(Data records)

Local Notation "X ** Y" := (mul2 X Y) (at level 43, right associativity).
Local Notation R12 k1 k2 := (lift2 A (R k1 k2)).
Local Notation R21 k2 k1 := (swap2 (lift2 A (R k2 k1))).
Local Notation T1 k := (emb1 (T k)).
Local Notation T2 k := (emb2 (T k)).
Local Notation Ti1 k := (emb1 (Tinv k)).
Local Notation Ti2 k := (emb2 (Tinv k)).
Local Notation B1 k := (emb1 (map_mx (in_alg A) (B k))).
Local Notation B2 k := (emb2 (map_mx (in_alg A) (B k))).
Local Notation b1 k := (emb1 (bmx k)).
Local Notation b2 k := (emb2 (bmx k)).
Local Notation a1 k := (emb1 (colsmx (a^~ k))).
Local Notation a2 k := (emb2 (colsmx (a^~ k))).
Local Notation ad1 k := (emb1 (rowsmx (ad^~ k))).
Local Notation ad2 k := (emb2 (rowsmx (ad^~ k))).
Local Notation delta_op k := (@delta12 _ N (delta k)).

(* Relations between operators are stated followed by an arbitrary factor [U],
   so that they rewrite inside right-nested products. *)

Lemma R12_R21K k1 k2 U : R12 k1 k2 ** R21 k2 k1 ** U = U.
Proof. by apply: mul2_cancel; rewrite swap2_lift2 -lift2M hU lift2_1. Qed.

Lemma R21_R12K k1 k2 U : R21 k2 k1 ** R12 k1 k2 ** U = U.
Proof.
apply: mul2_cancel; rewrite -[R12 k1 k2]swap2K -swap2_mul.
by rewrite swap2_lift2 -lift2M hU lift2_1 swap2_id.
Qed.

Lemma T1_Ti1K k U : T1 k ** Ti1 k ** U = U.
Proof. by apply: mul2_cancel; rewrite -emb1M hTinv1 emb1_1. Qed.

Lemma Ti1_T1K k U : Ti1 k ** T1 k ** U = U.
Proof. by apply: mul2_cancel; rewrite -emb1M hTinv2 emb1_1. Qed.

Lemma T2_Ti2K k U : T2 k ** Ti2 k ** U = U.
Proof. by apply: mul2_cancel; rewrite -emb2M hTinv1 emb2_1. Qed.

Lemma Ti2_T2K k U : Ti2 k ** T2 k ** U = U.
Proof. by apply: mul2_cancel; rewrite -emb2M hTinv2 emb2_1. Qed.

Lemma b1E k U : b1 k ** U = T1 k ** B1 k ** Ti1 (- k) ** U.
Proof. by rewrite /bmx !emb1M -!mul2A. Qed.

Lemma b2E k U : b2 k ** U = T2 k ** B2 k ** Ti2 (- k) ** U.
Proof. by rewrite /bmx !emb2M -!mul2A. Qed.

Lemma B1_emb2C k (P : 'M[A]_N) U : B1 k ** emb2 P ** U = emb2 P ** B1 k ** U.
Proof. by rewrite !mul2A in_alg_emb1C. Qed.

Lemma emb1_B2C k (P : 'M[A]_N) U : emb1 P ** B2 k ** U = B2 k ** emb1 P ** U.
Proof. by rewrite !mul2A in_alg_emb2C. Qed.

Lemma a1a2 k1 k2 U : a1 k1 ** a2 k2 ** U = R21 k2 k1 ** a2 k2 ** a1 k1 ** U.
Proof.
suff e : a1 k1 ** a2 k2 = R21 k2 k1 ** a2 k2 ** a1 k1 by rewrite [LHS]mul2A e -!mul2A.
apply: op2_ext => i j c d; rewrite mul2_emb12 swap2_lift2 mul2_lift2l !colsmxE hZF1.
by apply: eq_bigr => x _; apply: eq_bigr => y _; rewrite mul2_emb21 !colsmxE.
Qed.

Lemma ad1ad2 k1 k2 U : ad1 k1 ** ad2 k2 ** U = ad2 k2 ** ad1 k1 ** R21 k2 k1 ** U.
Proof.
suff e : ad1 k1 ** ad2 k2 = (ad2 k2 ** ad1 k1) ** R21 k2 k1 by rewrite [LHS]mul2A e -!mul2A.
apply: op2_ext => i j c d; rewrite mul2_emb12 swap2_lift2 mul2_lift2r !rowsmxE hZF2.
by apply: eq_bigr => x _; apply: eq_bigr => y _; rewrite mul2_emb21 !rowsmxE.
Qed.

Lemma a1ad2 k1 k2 U :
  a1 k1 ** ad2 k2 ** U
  = add2 (ad2 k2 ** R12 k1 k2 ** a1 k1 ** U) (delta_op (k1 - k2) ** U).
Proof.
suff e : a1 k1 ** ad2 k2 = add2 (ad2 k2 ** R12 k1 k2 ** a1 k1) (delta_op (k1 - k2)).
  by rewrite [LHS]mul2A e mul2Dl -!mul2A.
apply: op2_ext => i j c d; rewrite mul2_emb12 colsmxE rowsmxE hZF3 /add2 /delta12.
rewrite mul2_emb2l; congr (_ + _); apply: eq_bigr => y _.
rewrite rowsmxE mul2_emb1r mulr_sumr; apply: eq_bigr => x _.
by rewrite colsmxE mulr_algl scalerAr.
Qed.

Lemma T1a2 k1 k2 U : T1 k1 ** a2 k2 ** U = R21 k2 k1 ** a2 k2 ** T1 k1 ** U.
Proof.
suff e : T1 k1 ** a2 k2 = R21 k2 k1 ** a2 k2 ** T1 k1 by rewrite [LHS]mul2A e -!mul2A.
apply: op2_ext => i j c d; rewrite mul2_emb12 swap2_lift2 mul2_lift2l colsmxE hTa.
by apply: eq_bigr => x _; apply: eq_bigr => y _; rewrite mul2_emb21 colsmxE.
Qed.

Lemma T1ad2 k1 k2 U : T1 k1 ** ad2 k2 ** U = ad2 k2 ** R12 k1 k2 ** T1 k1 ** U.
Proof.
suff e : T1 k1 ** ad2 k2 = ad2 k2 ** R12 k1 k2 ** T1 k1 by rewrite [LHS]mul2A e -!mul2A.
apply: op2_ext => i j c d; rewrite mul2_emb12 rowsmxE hTad mul2_emb2l exchange_big.
apply: eq_bigr => y _; rewrite rowsmxE mul2_emb1r mulr_sumr; apply: eq_bigr => x _.
by rewrite mulr_algl scalerAr.
Qed.

Lemma R12T1T2 k1 k2 U : R12 k1 k2 ** T1 k1 ** T2 k2 ** U = T2 k2 ** T1 k1 ** R12 k1 k2 ** U.
Proof. by rewrite !mul2A -[_ ** T2 k2]mul2A hTT. Qed.

Ltac mirror lem :=
  have := congr1 (@swap2 _ _) lem; rewrite !swap2_mul ?swap2_emb1 ?swap2_emb2 ?swap2K.

Lemma R21T2T1 k1 k2 U : R21 k2 k1 ** T2 k2 ** T1 k1 ** U = T1 k1 ** T2 k2 ** R21 k2 k1 ** U.
Proof. by mirror (R12T1T2 k2 k1 (swap2 U)). Qed.

Lemma reflection_B k1 k2 U :
  R12 k1 k2 ** B1 k1 ** R21 k2 (- k1) ** B2 k2 ** U
  = B2 k2 ** R12 k1 (- k2) ** B1 k1 ** R21 (- k2) (- k1) ** U.
Proof.
rewrite !emb1_in_alg !emb2_in_alg !swap2_lift2 !mul2A -!lift2M.
by have := hB k1 k2; rewrite /reflection_eq => ->.
Qed.

Lemma T2a1 k1 k2 U : T2 k2 ** a1 k1 ** U = R12 k1 k2 ** a1 k1 ** T2 k2 ** U.
Proof. by mirror (T1a2 k2 k1 (swap2 U)). Qed.

Lemma a1T2 k1 k2 U : a1 k1 ** T2 k2 ** U = R21 k2 k1 ** T2 k2 ** a1 k1 ** U.
Proof. by rewrite T2a1 R21_R12K. Qed.

Lemma a1Ti2 k1 k U : a1 k1 ** Ti2 k ** U = Ti2 k ** R12 k1 k ** a1 k1 ** U.
Proof. by rewrite -[LHS](Ti2_T2K k) T2a1 T2_Ti2K. Qed.

Lemma a1b2 k1 k2 U : a1 k1 ** b2 k2 ** U = R21 k2 k1 ** b2 k2 ** R12 k1 (- k2) ** a1 k1 ** U.
Proof. by rewrite !b2E a1T2 emb1_B2C a1Ti2. Qed.

Lemma a2b1 k1 k2 U : a2 k2 ** b1 k1 ** U = R12 k1 k2 ** b1 k1 ** R21 k2 (- k1) ** a2 k2 ** U.
Proof. by mirror (a1b2 k2 k1 (swap2 U)). Qed.

Lemma Ti1ad2 k1 k2 U : Ti1 k1 ** ad2 k2 ** U = ad2 k2 ** Ti1 k1 ** R21 k2 k1 ** U.
Proof.
transitivity (Ti1 k1 ** ad2 k2 ** R12 k1 k2 ** T1 k1 ** Ti1 k1 ** R21 k2 k1 ** U).
  by rewrite T1_Ti1K R12_R21K.
by rewrite -T1ad2 Ti1_T1K.
Qed.

Lemma b1ad2 k1 k2 U : b1 k1 ** ad2 k2 ** U = ad2 k2 ** R12 k1 k2 ** b1 k1 ** R21 k2 (- k1) ** U.
Proof. by rewrite !b1E Ti1ad2 B1_emb2C T1ad2. Qed.

Lemma b2ad1 k1 k2 U : b2 k2 ** ad1 k1 ** U = ad1 k1 ** R21 k2 k1 ** b2 k2 ** R12 k1 (- k2) ** U.
Proof. by mirror (b1ad2 k2 k1 (swap2 U)). Qed.

Lemma Ti1R21T2 k1 k2 U : Ti1 k1 ** R21 k2 k1 ** T2 k2 ** U = T2 k2 ** R21 k2 k1 ** Ti1 k1 ** U.
Proof.
transitivity (Ti1 k1 ** R21 k2 k1 ** T2 k2 ** T1 k1 ** Ti1 k1 ** U); first by rewrite T1_Ti1K.
by rewrite R21T2T1 Ti1_T1K.
Qed.

Lemma R21Ti1Ti2 k1 k2 U : R21 k2 k1 ** Ti1 k1 ** Ti2 k2 ** U = Ti2 k2 ** Ti1 k1 ** R21 k2 k1 ** U.
Proof.
transitivity (Ti2 k2 ** Ti1 k1 ** T1 k1 ** T2 k2 ** R21 k2 k1 ** Ti1 k1 ** Ti2 k2 ** U).
  by rewrite Ti1_T1K Ti2_T2K.
by rewrite -R21T2T1 T1_Ti1K T2_Ti2K.
Qed.

Lemma Ti2R12T1 k1 k2 U : Ti2 k2 ** R12 k1 k2 ** T1 k1 ** U = T1 k1 ** R12 k1 k2 ** Ti2 k2 ** U.
Proof.
transitivity (Ti2 k2 ** R12 k1 k2 ** T1 k1 ** T2 k2 ** Ti2 k2 ** U); first by rewrite T2_Ti2K.
by rewrite R12T1T2 Ti2_T2K.
Qed.

Lemma reflection_b k1 k2 U :
  R12 k1 k2 ** b1 k1 ** R21 k2 (- k1) ** b2 k2 ** U
  = b2 k2 ** R12 k1 (- k2) ** b1 k1 ** R21 (- k2) (- k1) ** U.
Proof.
rewrite !b1E !b2E Ti1R21T2 B1_emb2C emb1_B2C R12T1T2 reflection_B R21Ti1Ti2.
by rewrite emb1_B2C B1_emb2C -Ti2R12T1.
Qed.
(** * The boundary algebra *)

Definition atl i k : A := (2^-1 : C) *: (a i k + \sum_(j < N) bmx k i j * a j (- k)).
Definition adtl i k : A := (2^-1 : C) *: (ad i k + \sum_(j < N) ad j (- k) * bmx (- k) j i).

Local Notation at1 k := (emb1 (colsmx (atl^~ k))).
Local Notation at2 k := (emb2 (colsmx (atl^~ k))).
Local Notation adt1 k := (emb1 (rowsmx (adtl^~ k))).
Local Notation adt2 k := (emb2 (rowsmx (adtl^~ k))).

Lemma at1E k : at1 k = scale2 2^-1 (add2 (a1 k) (b1 k ** a1 (- k))).
Proof. by rewrite /atl colsmx_comb emb1Z emb1D emb1M. Qed.

Lemma at2E k : at2 k = scale2 2^-1 (add2 (a2 k) (b2 k ** a2 (- k))).
Proof. by rewrite /atl colsmx_comb emb2Z emb2D emb2M. Qed.

Lemma adt1E k : adt1 k = scale2 2^-1 (add2 (ad1 k) (ad1 (- k) ** b1 (- k))).
Proof. by rewrite /adtl rowsmx_comb emb1Z emb1D emb1M. Qed.

Lemma adt2E k : adt2 k = scale2 2^-1 (add2 (ad2 k) (ad2 (- k) ** b2 (- k))).
Proof. by rewrite /adtl rowsmx_comb emb2Z emb2D emb2M. Qed.

Ltac expand_tilde :=
  rewrite ?at1E ?at2E ?adt1E ?adt2E ?(mul2Zl, mul2Zr, mul2Dl, mul2Dr) -?mul2A.

Lemma a1_b2a2 k1 k2 U :
  a1 k1 ** b2 k2 ** a2 (- k2) ** U = R21 k2 k1 ** b2 k2 ** a2 (- k2) ** a1 k1 ** U.
Proof. by rewrite a1b2 a1a2 R12_R21K. Qed.

Lemma b1a1_a2 k1 k2 U :
  b1 k1 ** a1 (- k1) ** a2 k2 ** U = R21 k2 k1 ** a2 k2 ** b1 k1 ** a1 (- k1) ** U.
Proof. by rewrite a1a2 a2b1 R21_R12K. Qed.

Lemma b1a1_b2a2 k1 k2 U :
  b1 k1 ** a1 (- k1) ** b2 k2 ** a2 (- k2) ** U
  = R21 k2 k1 ** b2 k2 ** a2 (- k2) ** b1 k1 ** a1 (- k1) ** U.
Proof. by rewrite a1b2 a1a2 R12_R21K a2b1 -reflection_b R21_R12K. Qed.

Lemma at1at2 k1 k2 U : at1 k1 ** at2 k2 ** U = R21 k2 k1 ** at2 k2 ** at1 k1 ** U.
Proof.
expand_tilde; rewrite a1a2 a1_b2a2 b1a1_a2 b1a1_b2a2.
by apply: op2_ext => i j c d; rewrite /add2 /scale2 !scalerDr addrACA.
Qed.

Lemma ad1_ad2b2 k1 k2 U :
  ad1 k1 ** ad2 (- k2) ** b2 (- k2) ** U = ad2 (- k2) ** b2 (- k2) ** ad1 k1 ** R21 k2 k1 ** U.
Proof. by rewrite ad1ad2 b2ad1 opprK R12_R21K. Qed.

Lemma ad1b1_ad2 k1 k2 U :
  ad1 (- k1) ** b1 (- k1) ** ad2 k2 ** U = ad2 k2 ** ad1 (- k1) ** b1 (- k1) ** R21 k2 k1 ** U.
Proof. by rewrite b1ad2 ad1ad2 R21_R12K opprK. Qed.

Lemma ad1b1_ad2b2 k1 k2 U :
  ad1 (- k1) ** b1 (- k1) ** ad2 (- k2) ** b2 (- k2) ** U
  = ad2 (- k2) ** b2 (- k2) ** ad1 (- k1) ** b1 (- k1) ** R21 k2 k1 ** U.
Proof.
have := reflection_b (- k1) (- k2) U; rewrite !opprK => reflection_bN.
by rewrite b1ad2 ad1ad2 R21_R12K b2ad1 !opprK -reflection_bN R21_R12K.
Qed.

Lemma adt1adt2 k1 k2 U : adt1 k1 ** adt2 k2 ** U = adt2 k2 ** adt1 k1 ** R21 k2 k1 ** U.
Proof.
expand_tilde; rewrite ad1ad2 ad1_ad2b2 ad1b1_ad2 ad1b1_ad2b2.
by apply: op2_ext => i j c d; rewrite /add2 /scale2 !scalerDr addrACA.
Qed.

Lemma a1_ad2b2 k1 k2 U :
  a1 k1 ** ad2 (- k2) ** b2 (- k2) ** U
  = add2 (ad2 (- k2) ** b2 (- k2) ** R12 k1 k2 ** a1 k1 ** U)
         (delta_op (k1 + k2) ** b2 (- k2) ** U).
Proof. by rewrite a1ad2 a1b2 R12_R21K opprK. Qed.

→ **Task requirements**
Copy the entries above exactly, but only from the line holding "by have := hB" through the line holding "Lemma b1ad2 k1", both included.

→ **Task solution**
by have := hB k1 k2; rewrite /reflection_eq => ->.
Qed.

Lemma T2a1 k1 k2 U : T2 k2 ** a1 k1 ** U = R12 k1 k2 ** a1 k1 ** T2 k2 ** U.
Proof. by mirror (T1a2 k2 k1 (swap2 U)). Qed.

Lemma a1T2 k1 k2 U : a1 k1 ** T2 k2 ** U = R21 k2 k1 ** T2 k2 ** a1 k1 ** U.
Proof. by rewrite T2a1 R21_R12K. Qed.

Lemma a1Ti2 k1 k U : a1 k1 ** Ti2 k ** U = Ti2 k ** R12 k1 k ** a1 k1 ** U.
Proof. by rewrite -[LHS](Ti2_T2K k) T2a1 T2_Ti2K. Qed.

Lemma a1b2 k1 k2 U : a1 k1 ** b2 k2 ** U = R21 k2 k1 ** b2 k2 ** R12 k1 (- k2) ** a1 k1 ** U.
Proof. by rewrite !b2E a1T2 emb1_B2C a1Ti2. Qed.

Lemma a2b1 k1 k2 U : a2 k2 ** b1 k1 ** U = R12 k1 k2 ** b1 k1 ** R21 k2 (- k1) ** a2 k2 ** U.
Proof. by mirror (a1b2 k2 k1 (swap2 U)). Qed.

Lemma Ti1ad2 k1 k2 U : Ti1 k1 ** ad2 k2 ** U = ad2 k2 ** Ti1 k1 ** R21 k2 k1 ** U.
Proof.
transitivity (Ti1 k1 ** ad2 k2 ** R12 k1 k2 ** T1 k1 ** Ti1 k1 ** R21 k2 k1 ** U).
  by rewrite T1_Ti1K R12_R21K.
by rewrite -T1ad2 Ti1_T1K.
Qed.

Lemma b1ad2 k1 k2 U : b1 k1 ** ad2 k2 ** U = ad2 k2 ** R12 k1 k2 ** b1 k1 ** R21 k2 (- k1) ** U.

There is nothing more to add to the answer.